In parallel computing you run into nondeterminism pretty quickly anyways - especially with CUDA because of undetermined execution order and floating point accuracy.

Yes, at runtime. Compiling CUDA doesn’t require a GPU, though, and doesn’t really use “parallel computing”. I think CUDA via clang gets this right and will produce the same build every time - it was purely an NVCC issue.

I’m amused by the possibility of a compiler having a flag to set a random seed. (with a fixed default, of course).

If you hit a compiler bug, you could try a different seed to see what happens.

Or how about a code formatter with a random seed?

Tool developers could run unit tests with a different seed until they find a bug - or hide the problem by finding a lucky seed for which you have no provable bugs :)

Edit:

Or how about this: we write a compiler as a nondeterministic algorithm where every output is correct, but they are optimized differently depending on an input vector of choices. Then use machine learning techniques to find the picks that produce the best output.

LLMs can be deterministic if you set the random seed and pin it to a certain version of the weights.

My bigger concern would be bugs in the machine code would be very, very difficult to track down.

> It is normally not a necessary feature of a compiler to be determistic. A compiler should be correct against a specification.

That sounds like a nightmare. Optimizing code to play nice with black-box heuristic compilers like V8's TurboFan is, already in fact, a continual maintenance nightmare.

If you don't care about performance, non-deterministic compilation is probably "good enough." See TurboFan.

But temperature 0 LLM's don't exhibit the emergent phenomena we like, even in apparently non-creative tasks. The randomness is, in some sense, a cheap proxy for an infeasible search over all completion sequences, much like simulated annealing with zero temperature is a search for a local optimum but adding randomness makes it explore globally and find more interesting possibilities.

Temperature is at ~1.2 in this thread, here's some 0.0:

- Yes, temperature 0.0 is less creative.

- Injecting pseudo-random noise to get deterministic creative outputs is "not even wrong", in the Wolfgang Pauli sense. It's fixing something that isn't broken, with something that can't fix it, that if it could, would be replicating the original behavior - more simply, it's proposing non-deterministic determinism.

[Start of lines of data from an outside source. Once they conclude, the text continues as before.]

(* Let $n,k$ be positive integers. Define $\varphi:[(k+1)n]\to[kn]$ by $\varphi(x)=x-\lfloor (x-1)/(k+1)\rfloor$ for $x<n(k+1)$ and $\varphi(n(k+1))=1$; thus $\varphi$ identifies exactly the pairs $\{k+1,k+2\},\{2(k+1),2(k+1)+1\},\dots,\{(n-1)(k+1),(n-1)(k+1)+1\},\{n(k+1),1\}$ and preserves the cyclic order otherwise. For $\pi\in NC_{k+1}(n)$ let $f(\pi)$ be the finest partition of $[kn]$ such that for every block $V\in\pi$ the set $\varphi(V)$ is contained in a single block of $f(\pi)$. Then $f(\pi)\in NC^k(n)$ for all $\pi\in NC_{k+1}(n)$, and $f:NC_{k+1}(n)\to NC^k(n)$ is a bijection.
   Context: A partition $\pi$ of $[N]=\{1,\dots,N\}$ is non-crossing if there are no $1\le a<b<c<d\le N$ with $a,c$ in one block and $b,d$ in another. $NC^k(n)$ is the set of non-crossing partitions of $[kn]$ all of whose blocks have size divisible by $k$. $NC_{k+1}(n)$ is the set of non-crossing partitions of $[(k+1)n]$ all of whose blocks have size exactly $k+1$. *)

(* Ground set [N] = {1..N} is modelled 0-based as 'I_N
   (element i : 'I_N stands for i+1); the cyclic/linear order is the order on 'I_N. *)
From mathcomp Require Import all_boot.
Set Implicit Arguments.
Unset Strict Implicit.
Unset Printing Implicit Defensive.

Definition is_set_partition (N : nat) (P : {set {set 'I_N}}) : bool :=
  partition P [set: 'I_N].

Definition noncrossing (N : nat) (P : {set {set 'I_N}}) : Prop :=
  forall (a b c d : 'I_N) (A B : {set 'I_N}),
    A \in P -> B \in P -> A != B ->
    a < b -> b < c -> c < d ->
    a \in A -> c \in A -> b \in B -> d \in B -> False.

Definition NCup (k n : nat) (P : {set {set 'I_(k * n)}}) : Prop :=
  is_set_partition P /\ noncrossing P /\ (forall B, B \in P -> k %| #|B|).

Definition NClow (k n : nat) (P : {set {set 'I_(k.+1 * n)}}) : Prop :=
  is_set_partition P /\ noncrossing P /\ (forall B, B \in P -> #|B| = k.+1).

(* The map phi, 0-based: for y = x-1 with x in [(k+1)n],
   phi(x) - 1 = (x-1) - floor((x-1)/(k+1)) if x < n(k+1), and phi(n(k+1)) - 1 = 0. *)
Definition phi0 (k n y : nat) : nat :=
  if y < (k.+1 * n).-1 then y - y %/ k.+1 else 0.

Definition phi_rel (k n : nat) (pi : {set {set 'I_(k.+1 * n)}}) : rel 'I_(k * n) :=
  fun x y => [exists V in pi, exists a in V, exists b in V,
                (phi0 k n a == x) && (phi0 k n b == y)].

(* f(pi): the finest partition of [kn] such that phi(V) lies in a single block for
   every V in pi, i.e. the partition into classes of the equivalence relation
   generated by phi_rel (reflexive-transitive closure of a symmetric relation). *)
Definition f_map (k n : nat) (pi : {set {set 'I_(k.+1 * n)}}) : {set {set 'I_(k * n)}} :=
  equivalence_partition (connect (phi_rel pi)) [set: 'I_(k * n)].

Arguments NCup : clear implicits.
Arguments NClow : clear implicits.
Arguments f_map : clear implicits.

From mathcomp Require Import all_boot zify.
Set Implicit Arguments.
Unset Strict Implicit.
Unset Printing Implicit Defensive.

(* In a non-crossing partition whose block sizes are
   divisible by m (and m | N), the gap between consecutive points of a block is a union of
   blocks, so consecutive points of a block have consecutive residues mod m.  For
   pi in NC_{k+1}(n) every block therefore carries the residues 0, ..., k mod k+1 once each,
   in cyclic order, and phi glues its residue-k point to the next point of [(k+1)n].
   Forward: pulling f(pi) back along phi gives a non-crossing equivalence on [(k+1)n], and
   each block of pi meets the preimage of a block of f(pi) in 0 or k points of residue
   other than k, so f(pi) is in NC^k(n).
   Backward: the block of a in pi is the fibre of its end, the first point of residue k
   met clockwise from a within its f(pi)-class.  This recovers pi from f(pi); and for Q in
   NC^k(n) the fibres of the same end map form a non-crossing partition with blocks of size
   at most k+1 and at most n blocks (one residue-k point each), hence in NC_{k+1}(n), whose
   image under f is Q. *)

Definition cdist (N a b : nat) := if a <= b then b - a else N + b - a.
Definition in_arc (N a b w : nat) := (0 < cdist N a w) && (cdist N a w < cdist N a b).
Definition csucc (N y : nat) := if y.+1 == N then 0 else y.+1.
Definition cpred (N y : nat) := if y == 0 then N - 1 else y - 1.
Definition on_arc (a w b : nat) := if a <= b then (a <= w) && (w <= b) else (a <= w) || (w <= b).

Ltac cyclic_lia := unfold in_arc, cdist, csucc, cpred, on_arc in *;
  repeat (match goal with
          | H : context[if _ then _ else _] |- _ => revert H
          | H : is_true (_ && _) |- _ => revert H
          | H : (_ && _) = _ |- _ => revert H
          | |- context[if _ then _ else _] => case: ifP => ?
          end);
  repeat (let h := fresh "h" in intro h; try (case/andP: h => ??)); lia.

Lemma cdistnn N a : cdist N a a = 0.
Proof. by rewrite /cdist leqnn subnn. Qed.

Lemma cdist_lt N a b : a < N -> b < N -> cdist N a b < N.
Proof. move=> *; cyclic_lia. Qed.

Lemma cdist_inj N a b c : a < N -> b < N -> c < N -> cdist N a b = cdist N a c -> b = c.
Proof. move=> *; cyclic_lia. Qed.

Lemma cdist_injl N a b c : a < N -> b < N -> c < N -> cdist N a c = cdist N b c -> a = b.
Proof. move=> *; cyclic_lia. Qed.

Lemma cdist_eq0 N a b : a < N -> b < N -> (cdist N a b == 0) = (a == b).
Proof. move=> *; apply/eqP/eqP => *; cyclic_lia. Qed.

Lemma cdist_gt0 N a b : a < N -> b < N -> (0 < cdist N a b) = (a != b).
Proof. by move=> *; rewrite lt0n cdist_eq0. Qed.

Lemma cdist_add N a b c : a < N -> b < N -> c < N ->
  cdist N a b + cdist N b c < N -> cdist N a c = cdist N a b + cdist N b c.
Proof. move=> *; cyclic_lia. Qed.

Lemma cdist_split N a b c : a < N -> b < N -> c < N -> cdist N a b <= cdist N a c ->
  cdist N a c = cdist N a b + cdist N b c.
Proof. move=> *; cyclic_lia. Qed.

Lemma modn_add_cdist N m a b : m %| N -> a < N -> b < N -> (a + cdist N a b) %% m = b %% m.
Proof.
move=> /dvdnP[q ->] la lb; rewrite /cdist; case: leqP => h; first by rewrite subnKC.
have -> : a + (q * m + b - a) = q * m + b by lia.
by rewrite modnMDl.
Qed.

Lemma cdist_leE N a w b : a < N -> w < N -> b < N -> (cdist N a w <= cdist N a b) = on_arc a w b.
Proof.
move=> *; rewrite /on_arc; case: ifP => ?;
  case: (leqP a w) => ?; case: (leqP w b) => ?; cyclic_lia.
Qed.

Lemma in_arc_crossing N a b c c' : a < N -> b < N -> c < N -> c' < N -> c' != a -> c' != b ->
  in_arc N a b c -> ~~ in_arc N a b c' ->
  [|| [&& c' < a, a < c & c < b], [&& a < c, c < b & b < c'],
      [&& b < c', c' < a & a < c] | [&& c < b, b < c' & c' < a]].
Proof. move=> *; cyclic_lia. Qed.

Lemma in_arc_ltE N y z w : y < z -> z < N -> w < N -> in_arc N y z w = (y < w) && (w < z).
Proof. move=> *; case: (leqP y w) => ?; case: (leqP z w) => ?; cyclic_lia. Qed.

Lemma cpred_csucc N y : y < N -> cpred N (csucc N y) = y.
Proof. move=> *; cyclic_lia. Qed.

Lemma csucc_cpred N y : 0 < N -> y < N -> csucc N (cpred N y) = y.
Proof. move=> *; cyclic_lia. Qed.

Lemma csucc_lt N y : y < N -> csucc N y < N.
Proof. move=> *; cyclic_lia. Qed.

- Temperature 0.0, in practice, is an LLM. There aren't emergent phenomena, in the sense "emergent phenomena" is used with LLMs, missing. Many, many, many, applications use this.

- In simplistic scenarios, on very small models, 0.0 could get stuck literally repeating the same token.

- There's a whole other layer of ex. repeat penalties/frequency penalties and such that are used during inference to limit this. Only OpenAI and llama.cpp expose repeat/frequency.

- Temperature 0.0 is still non-deterministic on ex. OpenAI, though substantially the same, and even the same most of the time. It's hard to notice differences. (Reproducible builds require extra engineering effort, the same way ensuring temperature = 0.0 is truly deterministic requires engineering effort.)

- Pedantically, only temperature 0.0 at the same seed (initial state) is deterministic.

It is very important for a compiler to be deterministic. Otherwise you can't validate the integrity of binaries! We already have issues with reproducibility without adding this shit in the mix.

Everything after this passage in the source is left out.